Inscrutable, yet interesting study....
4 June 2006 | by MarieGabrielleSee all my reviews

of Jean Michel Basquiat and the art world of the 80's. Granted, the film is a bit abstruse, and some viewers have complained about the music tracks (actually Basquiat's own music from his band); but it does serve to show the disaffected life of an artist, who seemed to gain fame, money, and fair-weather friends, despite himself.
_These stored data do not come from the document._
(* There is an absolute constant $c$ such that for every $N\ge1$ and every $\epsilon\in[0,1]$, every randomized XOR decision tree computing ${\rm MAJORITY}$ on $N$-bit inputs with zero-sided error $\epsilon$ has cost at least $\frac23N-\epsilon N-c\sqrt N$.
   Context: For $X=X_0X_1\cdots X_{N-1}\in\{0,1\}^N$, ${\rm MAJORITY}(X)=0$ if $X$ contains more zeros than ones and ${\rm MAJORITY}(X)=1$ otherwise. An XOR decision tree on $N$-bit inputs is a deterministic adaptive algorithm that on input $X$ makes a sequence of queries, each either a single bit $X_i$ or $X_i\oplus X_j$ ($0\le i,j\le N-1$), each chosen depending on previous answers, and then outputs a value. A randomized XOR decision tree is a probability distribution over XOR decision trees; its cost on input $X$ is the maximum number of queries made on $X$ over all trees in its support, and its cost is the maximum of this over all $X\in\{0,1\}^N$. It computes $f$ with zero-sided error $\epsilon$ if on every input $X$ it outputs $f(X)$ with probability at least $1-\epsilon$ and otherwise outputs ''I don't know'' (never an incorrect value). *)

From HB Require Import structures.
From mathcomp Require Import all_boot all_order all_algebra.
From Stdlib Require Import Rdefinitions.
From mathcomp Require Import Rstruct.
Set Implicit Arguments. Unset Strict Implicit. Unset Printing Implicit Defensive.
Import Order.TTheory GRing.Theory Num.Theory.
Local Open Scope ring_scope.

Definition input (N : nat) := {ffun 'I_N -> bool}.

Definition majority (N : nat) (X : input N) : bool :=
  ~~ (ltn #|[set i | X i]| #|[set i | ~~ X i]|).

Inductive query (N : nat) : Type :=
| QBit of 'I_N
| QXor of 'I_N & 'I_N.

Definition eval_query (N : nat) (q : query N) (X : input N) : bool :=
  match q with
  | QBit i => X i
  | QXor i j => X i (+) X j
  end.

(* XOR decision tree; a leaf outputs Some b (the value b) or None ("I don't know") *)
Inductive xdt (N : nat) : Type :=
| Leaf of option bool
| Node of query N & xdt N & xdt N.

Fixpoint run (N : nat) (t : xdt N) (X : input N) : option bool * nat :=
  match t with
  | Leaf o => (o, 0%N)
  | Node q t0 t1 =>
      let r := run (if eval_query q X then t1 else t0) X in (r.1, r.2.+1)
  end.

Definition output (N : nat) (t : xdt N) (X : input N) := (run t X).1.
Definition nqueries (N : nat) (t : xdt N) (X : input N) := (run t X).2.

(* A randomized XOR decision tree: a finitely supported probability
   distribution over XOR decision trees, given as a list of (tree, weight). *)
Definition is_distribution (N : nat) (D : seq (xdt N * R)) : Prop :=
  List.Forall (fun p => 0 <= p.2) D /\ \sum_(p <- D) p.2 = 1.

Definition posw (x : R) : bool := 0 < x.

Definition rcost (N : nat) (D : seq (xdt N * R)) : nat :=
  \max_(X : input N) \max_(p <- D | posw p.2) nqueries p.1 X.

Definition zero_sided (N : nat) (f : input N -> bool) (D : seq (xdt N * R))
    (eps : R) : Prop :=
  forall X : input N,
    List.Forall (fun p => 0 < p.2 ->
       output p.1 X = Some (f X) \/ output p.1 X = None) D /\
    1 - eps <= \sum_(p <- D | output p.1 X == Some (f X)) p.2.

From Stdlib Require Import Rdefinitions.
From mathcomp Require Import Rstruct.
From mathcomp Require Import all_boot all_order all_algebra.
From mathcomp Require Import lra zify.
Set Implicit Arguments. Unset Strict Implicit. Unset Printing Implicit Defensive.
Import Order.TTheory GRing.Theory Num.Theory.

(* A labelling splits the variables into labelled
   classes and a class [None]; along a run, a bit query sends the class of the
   bit to [None] and a XOR query merges the two classes involved, so flipping
   every variable of some labelled classes changes no answer received. The
   potential of an input is the number of labelled classes with a nonzero
   signed sum: it is N at the root and, averaged over a set of inputs closed
   under class flips, twice the potential drops by at most 3 per query (a merge
   of classes with sums x and y is paired with the input where the second class
   is flipped). At a leaf where a zero-error tree answers, the majority is
   invariant under class flips, which forces twice the potential below
   |bias X| + |bias X'|, X' being X with every class flipped. Summing over all
   inputs, 2N * #correct <= 3k 2^N + 2 sum |bias|, and sum |bias| <= 2^N sqrt N
   because the bias has variance N; averaging over the random tree concludes. *)

Definition labelling (N : nat) := 'I_N -> option 'I_N.

(* [QXor a b] moves the class of [b] into the class of [a] (into [None] when
   [a] is in [None]); if [b] is in [None], the class of [a] is sent to [None]. *)
Definition relabel N (lab : labelling N) (q : query N) (o : option 'I_N) :=
  match q with
  | QBit a => if o == lab a then None else o
  | QXor a b => if lab b == None then (if o == lab a then None else o)
                else if o == lab b then lab a else o
  end.

Definition update N (lab : labelling N) (q : query N) : labelling N :=
  fun u => relabel lab q (lab u).

Fixpoint run_labelling N (t : xdt N) (lab : labelling N) (X : input N) :=
  match t with
  | Leaf _ => lab
  | Node q t0 t1 => run_labelling (if eval_query q X then t1 else t0) (update lab q) X
  end.

Definition flip_classes N (L : labelling N) (g : option 'I_N -> bool) (X : input N) :
  input N := [ffun u => X u (+) g (L u)].

Definition coarser N (lab L : labelling N) :=
  (forall u v, lab u = lab v -> L u = L v) /\ (forall u, lab u = None -> L u = None).

Lemma relabel_None N (lab : labelling N) q : relabel lab q None = None.
Proof.
case: q => [a|a b] /=; first by case: ifP.
by case: ifP => [_|/eqP nb]; case: ifP => // /eqP/esym.
Qed.
Lemma unit_dir_neq0 (d : int) : d \in [:: 1; -1] -> d != 0.
Proof. by case/unit_dirP => ->. Qed.

Lemma unit_dirN (d : int) : d \in [:: 1; -1] -> - d \in [:: 1; -1].
Proof. by case/unit_dirP => ->; rewrite ?opprK !inE eqxx ?orbT. Qed.

Lemma hopP s a d j t : hop s a d = Some (j, t) ->
  [/\ a \in s, a + d \in s, a + (d + d) \notin s, j = a + (d + d) &
      t = j :: [seq b <- s | (b != a) && (b != a + d)]].
Proof. by rewrite /hop -mulr2n; case: ifP => // /and3P [? ? ?] [<- <-]. Qed.

Lemma hopE s a d : a \in s -> a + d \in s -> a + (d + d) \notin s ->
  hop s a d = Some (a + (d + d), a + (d + d) :: [seq b <- s | (b != a) && (b != a + d)]).
Proof. by rewrite /hop -mulr2n => -> -> ->. Qed.

Lemma hop_some s a d : a \in s -> a + d \in s -> a + (d + d) \notin s ->
  exists t, hop s a d = Some (a + (d + d), t).
Proof. by move=> Ha Had Hj; eexists; apply: hopE. Qed.

Lemma mem_hop s a d j t p : hop s a d = Some (j, t) ->
  (p \in t) = (p == j) || [&& p != a, p != a + d & p \in s].
Proof. by case/hopP=> _ _ _ _ ->; rewrite in_cons mem_filter andbA. Qed.

Lemma uniq_hop s a d j t : uniq s -> hop s a d = Some (j, t) -> uniq t.
Proof.
move=> Us /hopP [_ _ Hj -> ->] /=.
by rewrite filter_uniq // andbT mem_filter (negPf Hj) andbF.
Qed.

Lemma size_hop s a d j t : d != 0 -> hop s a d = Some (j, t) -> (size t < size s)%N.
Proof.
move=> d0 /hopP [Ha Had _ _ ->] /=.
set keep := fun b => (b != a) && (b != a + d).
have Hne : a != a + d by rewrite eq_sym addrC -subr_eq0 addrK.
have Hdrop : (2 <= count (predC keep) s)%N.
  rewrite -size_filter; apply: (@uniq_leq_size _ [:: a; a + d]); first by rewrite /= andbT inE.
  move=> p; rewrite !inE => /orP [] /eqP ->; rewrite mem_filter /= /keep eqxx ?Ha ?Had ?andbF ?andbT //.
rewrite size_filter; change ((count keep s).+1 < size s)%N.
by rewrite -(count_predC keep s) -addn1 ltn_add2l.
Qed.

Inductive hop_run : nat -> position -> int -> position -> Prop :=
| run1 s a d j t : d \in [:: 1; -1] -> hop s a d = Some (j, t) -> hop_run 1 s a t
| runS k s a d j s' t : d \in [:: 1; -1] -> hop s a d = Some (j, s') ->
    hop_run k s' j t -> hop_run k.+1 s a t.

Lemma run_gt0 k s a t : hop_run k s a t -> (0 < k)%N.
Proof. by case. Qed.

Lemma mem_run k s a t : hop_run k s a t -> a \in s.
Proof. by case=> [? ? ? ? ? _ /hopP [] | ? ? ? ? ? ? ? _ /hopP []]. Qed.

Lemma size_run k s a t : hop_run k s a t -> (size t + k <= size s)%N.
Proof.
elim=> {k s a t} [s a d j t Hd Hh | k s a d j s' t Hd Hh _ IH];
  have := size_hop (unit_dir_neq0 Hd) Hh; lia.
Qed.

Lemma mem_hops_from s a p :
  reflect (exists2 d, d \in [:: 1; -1] & hop s a d = Some p) (p \in hops_from s a).
Proof.
rewrite /hops_from mem_pmap.
by apply: (iffP mapP) => -[d Hd E]; exists d.
Qed.

Lemma multi_fromP f s a t :
  t \in multi_from f s a <-> exists2 k, (k <= f)%N & hop_run k s a t.
Proof.
elim: f s a t => [|f IH] s a t /=.
  by split=> // -[k Hk /run_gt0]; rewrite ltnNge Hk.
split.
- case/flatten_mapP => -[j s'] /mem_hops_from [d Hd Hh]; rewrite inE => /orP [/eqP ->|].
  + by exists 1%N; [|apply: run1 Hd Hh].
  + by case/IH => k Hk Hrun; exists k.+1; [|apply: runS Hd Hh Hrun].
- case=> k Hk Hrun; case: Hrun Hk => [s0 a0 d j t0 Hd Hh _ | k0 s0 a0 d j s' t0 Hd Hh Hrun Hk].
  + apply/flatten_mapP; exists (j, t0); first by apply/mem_hops_from; exists d.
    by rewrite inE eqxx.
  + apply/flatten_mapP; exists (j, s'); first by apply/mem_hops_from; exists d.
    by rewrite inE; apply/orP; right; apply/IH; exists k0.
Qed.

Lemma movesP multi s t :
  t \in moves multi s <-> exists a k, hop_run k s a t /\ (multi || (k == 1%N)).
Proof.
rewrite /moves; case: multi; split.
- by case/flatten_mapP => a _ /multi_fromP [k _ Hrun]; exists a, k.
- case=> a [k [Hrun _]]; apply/flatten_mapP; exists a; first by rewrite mem_undup (mem_run Hrun).
  apply/multi_fromP; exists k => //; have := size_run Hrun; lia.
- case/flatten_mapP => a _ /mapP [[j t'] /mem_hops_from [d Hd Hh] ->].
  by exists a, 1%N; split=> //; apply: run1 Hd Hh.
- case=> a [k [Hrun Hk1]].
  apply/flatten_mapP; exists a; first by rewrite mem_undup (mem_run Hrun).
  case: Hrun Hk1 => [s0 a0 d j t0 Hd Hh _ | k0 ? ? ? ? ? ? _ _ /run_gt0]; last by case: k0.
  by apply/mapP; exists (j, t0) => //; apply/mem_hops_from; exists d.
Qed.
Lemma Qspace_shift b : Qspace b -> exists2 e, 0 < e &
  forall d : 'rV[R]_n, (forall k, `|d ord0 k| <= e) -> Qspace (b.1, b.2 + d).
Proof.
move=> Qb; pose m := \big[Num.min/1]_k Num.min (alpha b ord0 k) (1 - b.2 ord0 k).
have m_gt0 : 0 < m.
  apply: lt_bigmin => // k _; rewrite lt_min alpha_gt0 // subr_gt0.
  by case: (Qb k) => _ [].
exists (m / 2) => [|d d_small k]; first by rewrite divr_gt0.
have := bigmin_le 1 k (fun k => Num.min (alpha b ord0 k) (1 - b.2 ord0 k)).
rewrite -/m le_min !mxE => /andP[m_le_alpha m_le_gap].
have := d_small k; case: (Qb k) => b1_ge0 [b12 b2_lt1].
by rewrite ler_norml /= => /andP[d_ge d_le]; split=> //; lra.
Qed.

End Chambers.

Section Walls.
Variables (R : realType) (n : nat).
Implicit Types (S T : {set 'I_n}) (b : weight R n).

Lemma eps_pair S e (i j : 'I_n) (c : R) : i != j ->
  eps S (\row_k (e * ((k == i)%:R + c * (k == j)%:R))) =
  e * (sgn_in S i + c * sgn_in S j).
Proof.
move=> ij; rewrite epsE (bigD1 i) //= (bigD1 j) 1?eq_sym //= big1 => [|k /andP[ki kj]].
  by rewrite !mxE eqxx (negbTE ij) eq_sym (negbTE ij) eqxx /=; ring.
by rewrite !mxE (negbTE ki) (negbTE kj) mulr0 addr0 !mulr0.
Qed.

(* Moving b0 along the wall of S in the two coordinate directions i and j
   stays on the wall of T only if i and j are separated by T as they are by S. *)
Lemma wall_same_side S T b0 (i j : 'I_n) :
  wall S b0 -> wall T b0 -> @wall R n T = @wall R n S -> i != j ->
  ((i \in T) == (j \in T)) = ((i \in S) == (j \in S)).
Proof.
move=> [Qb0 eS] [_ eT] eq_wall ij.
have [e e_gt0 Q_shift] := Qspace_shift Qb0.
pose c : R := - (sgn_in S i * sgn_in S j).
pose d := \row_k (e * ((k == i)%:R + c * (k == j)%:R)) : 'rV[R]_n.
have c_norm : `|c| = 1.
  by rewrite /c /sgn_in normrN normrM; case: (i \in S); case: (j \in S); rewrite ?normrN normr1 mulr1.
have Qb' : Qspace (b0.1, b0.2 + d).
  apply: Q_shift => k; rewrite mxE normrM gtr0_norm // ger_pMr //.
  case: (eqVneq k i) => [->|_]; first by rewrite (negbTE ij) mulr0 addr0 normr1.
  by rewrite add0r normrM c_norm mul1r; case: (k == j); rewrite ?normr1 ?normr0.
have eps_shift U : eps U (alpha (b0.1, b0.2 + d)) = eps U (alpha b0) + eps U d.
  by rewrite -epsD /alpha /= addrAC.
have : wall T (b0.1, b0.2 + d).
  rewrite eq_wall; split=> //; rewrite /= eps_shift eS add0r eps_pair // /c /sgn_in.
  by case: (i \in S); case: (j \in S); lra.
case=> _ /=; rewrite eps_shift eT add0r eps_pair // /c /sgn_in.
by case: (i \in S); case: (j \in S); case: (i \in T); case: (j \in T) => //= ; lra.
Qed.

Lemma wall_eq_set S T b0 :
  wall S b0 -> wall T b0 -> @wall R n T = @wall R n S -> T = S \/ T = ~: S.
Proof.
move=> wS wT eq_wall; have same := fun i j => wall_same_side wS wT eq_wall (i:=i) (j:=j).
case: (pselect (exists i0, (i0 \in T) = (i0 \in S))) => [[i0 i0TS] | no_agree].
  left; apply/setP => j; case: (eqVneq i0 j) => [<- // | i0j].
  by move: (same _ _ i0j); rewrite i0TS; case: (i0 \in S); case: (j \in T); case: (j \in S).
right; apply/setP => j; rewrite !inE.
by case: (j \in T) (j \in S) (fun e => no_agree (ex_intro _ j e)) => [] [] // agree; case: agree.
Qed.

End Walls.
Jeffrey Wright is very understated, but believable as Basquiat. Apparently he and his father were estranged, until he became famous. Then everyone wanted something from him. Not just another story of fame and its vices, however; because the film does NOT show his life as glamorous, indeed once he has "made it" we still see him dining at Lutece, people critiquing, being unaccepting of him as a person. Perhaps in real life this was one of the sources of his insecurities, and reason for his drug addiction. Certainly, if one believes even half of what is written about the NY art world- it cannot have been a forgiving place.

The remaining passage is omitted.